The Associated Press called the race around midnight, yet same-sex marriage opponents conceded closer to 1:30 a.m., according to the Portland Press Herald. The votes broke down 54 percent in favor of same-sex marriage, 46 percent opposed.
The victory was a promising one for supporters who watched the vote slip from their hands in 2009, when a law legalizing same-sex marriage in Maine was overturned 53 percent to 47 percent.
The Secretary of State’s Office now has 20 days to certify results, leaving Maine Governor Paul LePage with 10 days to approve them. The law needs to then go through a 30-day waiting period before it takes effect, but the Portland Press Herald speculates gay and lesbian couples could start marrying as early as January.

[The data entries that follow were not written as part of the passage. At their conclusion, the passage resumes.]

Lemma spider_adjE_center u v : (u == x) || (u == y) -> e u v = spider_adj u v.
Proof.
case/orP=> /eqP ->; case: (vertexP v) => [||b Hb|b Hb|b Hb Lb];
  pos_simpl; rewrite ?x_nbrE ?(e_sym _ x) ?x_nbrE ?e_irr ?eqxx //.
- by rewrite (negbTE x_neq_y).
- exact/negbTE/(leg_neq_y Hb (Tcomp_self e b y)).
- exact/negbTE/(leg_neq_y Hb (second_in Hb)).
- exact/negbTE/(leg_neq_y Hb (third_in Hb Lb)).
- exact: legs_y.
- apply/negbTE/negP => /(leg_y_nbr Hb (second_in Hb))/eqP.
  exact/negP/second_neq.
- apply/negbTE/negP => /(leg_y_nbr Hb (third_in Hb Lb))/eqP.
  by case/andP: (third_neq Hb Lb) => /negP.
Qed.

Lemma spider_adjE_leg a u v : a \in legs -> u \in leg a -> e u v = spider_adj u v.
Proof.
move=> Ha /(leg_mem Ha)[-> | -> | [La ->]]; case: (vertexP v) => [||b Hb|b Hb|b Hb Lb];
  pos_simpl; rewrite ?x_nbrE ?(e_sym _ x) ?x_nbrE ?e_irr ?eqxx //.
- exact/negbTE/(leg_neq_y Ha (Tcomp_self e a y)).
- by rewrite e_sym legs_y.
- apply/negbTE/negP => eab; have ab := leg_edge Ha Hb (Tcomp_self e a y) (Tcomp_self e b y) eab.
  by subst b; rewrite e_irr in eab.
- apply/idP/eqP => [|<-]; last exact: second_edge.
  exact: leg_edge Ha Hb (Tcomp_self e a y) (second_in Hb).
- apply/negbTE/negP => eac; have ab := leg_edge Ha Hb (Tcomp_self e a y) (third_in Hb Lb) eac.
  by subst b; move: (third_chord Ha Lb); rewrite eac.
- exact/negbTE/(leg_neq_y Ha (second_in Ha)).
- apply/negbTE/negP; rewrite e_sym => /(leg_y_nbr Ha (second_in Ha))/eqP.
  exact/negP/second_neq.
- apply/idP/eqP => [|<-]; last by rewrite e_sym second_edge.
  exact: leg_edge Ha Hb (second_in Ha) (Tcomp_self e b y).
- apply/negbTE/negP => ebb; have ab := leg_edge Ha Hb (second_in Ha) (second_in Hb) ebb.
  by subst b; rewrite e_irr in ebb.
- apply/idP/eqP => [|ab]; last by subst b; apply: third_edge.
  exact: leg_edge Ha Hb (second_in Ha) (third_in Hb Lb).
- exact/negbTE/(leg_neq_y Ha (third_in Ha La)).
- apply/negbTE/negP; rewrite e_sym => /(leg_y_nbr Ha (third_in Ha La))/eqP.
  by case/andP: (third_neq Ha La) => /negP.
- apply/negbTE/negP => eca; have ab := leg_edge Ha Hb (third_in Ha La) (Tcomp_self e b y) eca.
  by subst b; move: (third_chord Ha La); rewrite e_sym eca.
- apply/idP/eqP => [|<-]; last by rewrite e_sym third_edge.
  exact: leg_edge Ha Hb (third_in Ha La) (second_in Hb).
- apply/negbTE/negP => ecc; have ab := leg_edge Ha Hb (third_in Ha La) (third_in Hb Lb) ecc.
  by subst b; rewrite e_irr in ecc.
Qed.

Voters in Maryland chose to legalize same-sex marriage, as well, and Washington is expected to follow suit. Due to the state’s mail-in voting system, a final tally might not come in for another two days, according to the Huffington Post, yet the projected numbers are looking to be in proponents’ favor. Minnesota was the only state to reject an amendment that would have defined marriage as a union only between a man and a woman.
Massachusetts became the first state to allow gay marriage in 2004, leading six other states and the District of Columbia to legalize it in years to follow. Despite the acceptance, however, 31 states still have constitutional amendments banning gay marriage.
Yet, as Chad Griffin, president of the Human Rights Campaign, told the Portland Press Herald after yesterday’s results poured in, “This is a landmark election for marriage equality and we will forever look back at this year as a critical turning point in the movement for full citizenship for LGBT people.”